[Items from a data source]

Theorem proposition6p7 (R : realType)
  (Z Z' : finType) (dZ : Z -> Z -> R) (dZ' : Z' -> Z' -> R)
  (X : {set Z}) (X' : {set Z'})
  (hZ : is_metric dZ) (hZ' : is_metric dZ')
  (eps : R) (heps : is_dGH_pair dZ X dZ' X' eps)
  (M : Type) (dM : M -> M -> R) (hM : is_metric dM)
  (gZ : Z -> M) (gZ' : Z' -> M)
  (hgZ : isometric_embedding dZ dM gZ) (hgZ' : isometric_embedding dZ' dM gZ')
  (hHX : hausdorff_le dM gZ X gZ' X' eps)
  (hHZ : hausdorff_le dM gZ [set: Z] gZ' [set: Z'] eps)
  (aZ : Z -> Z') (aZ' : Z' -> Z)
  (haX : forall x, x \in X -> aZ x \in X')
  (haX' : forall x', x' \in X' -> aZ' x' \in X)
  (haZ : forall z, dM (gZ z) (gZ' (aZ z)) <= eps)
  (haZ' : forall z', dM (gZ' z') (gZ (aZ' z')) <= eps)
  (delta : R) (hdelta : 0 < delta) :
  let Y := Yset X X' aZ aZ' in
  let V := PH0 dZ X in
  let U := PH0 dZ [set: Z] in
  let V' := PH0 dZ' X' in
  let U' := PH0 dZ' [set: Z'] in
  (* f, f' induced by the inclusions X <= Z, X' <= Z' (identity on chains);
     f^delta = f o h, f^delta' = f' o h', h, h' induced by the projections *)
  let kerfd := kermod (PH0 (dYdelta dZ delta) Y) U (chainmx (@fst Z Z') *m 1%:M) in
  let kerfd' := kermod (PH0 (dYdelta' dZ' delta) Y) U' (chainmx (@snd Z Z') *m 1%:M) in
  (forall (J : finType) (bar : J -> interval R) g,
     is_interval_decomposition kerfd bar g ->
     injection_property (mult0 V U 1%:M) bar delta) /\
  (forall (J : finType) (bar : J -> interval R) g,
     is_interval_decomposition kerfd' bar g ->
     injection_property (mult0 V' U' 1%:M) bar delta).
Proof.
move=> Y V U V' U' kerfd kerfd'.
have Y_fst y : y \in Y -> y.1 \in X by rewrite inE => /and3P[].
have Y_snd y : y \in Y -> y.2 \in X' by rewrite inE => /and3P[].
have fst_onto x : x \in X -> exists2 y, y \in Y & y.1 = x.
  by move=> xX; exists (x, aZ x); rewrite // inE /= xX haX ?eqxx.
have snd_onto x' : x' \in X' -> exists2 y, y \in Y & y.2 = x'.
  by move=> xX'; exists (aZ' x', x'); rewrite // inE /= xX' haX' ?eqxx ?orbT.
split=> J bar g.
  by apply: (kernel_injection_property hZ Y_fst fst_onto).
by apply: (kernel_injection_property hZ' Y_snd snd_onto).
Qed.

▶ [Your goal] Every line from the one containing "let kerfd' := kermod" through the final line of the data above is to be restated word for word, and nothing more.

▶ [Answer for the task]
  let kerfd' := kermod (PH0 (dYdelta' dZ' delta) Y) U' (chainmx (@snd Z Z') *m 1%:M) in
  (forall (J : finType) (bar : J -> interval R) g,
     is_interval_decomposition kerfd bar g ->
     injection_property (mult0 V U 1%:M) bar delta) /\
  (forall (J : finType) (bar : J -> interval R) g,
     is_interval_decomposition kerfd' bar g ->
     injection_property (mult0 V' U' 1%:M) bar delta).
Proof.
move=> Y V U V' U' kerfd kerfd'.
have Y_fst y : y \in Y -> y.1 \in X by rewrite inE => /and3P[].
have Y_snd y : y \in Y -> y.2 \in X' by rewrite inE => /and3P[].
have fst_onto x : x \in X -> exists2 y, y \in Y & y.1 = x.
  by move=> xX; exists (x, aZ x); rewrite // inE /= xX haX ?eqxx.
have snd_onto x' : x' \in X' -> exists2 y, y \in Y & y.2 = x'.
  by move=> xX'; exists (aZ' x', x'); rewrite // inE /= xX' haX' ?eqxx ?orbT.
split=> J bar g.
  by apply: (kernel_injection_property hZ Y_fst fst_onto).
by apply: (kernel_injection_property hZ' Y_snd snd_onto).
Qed.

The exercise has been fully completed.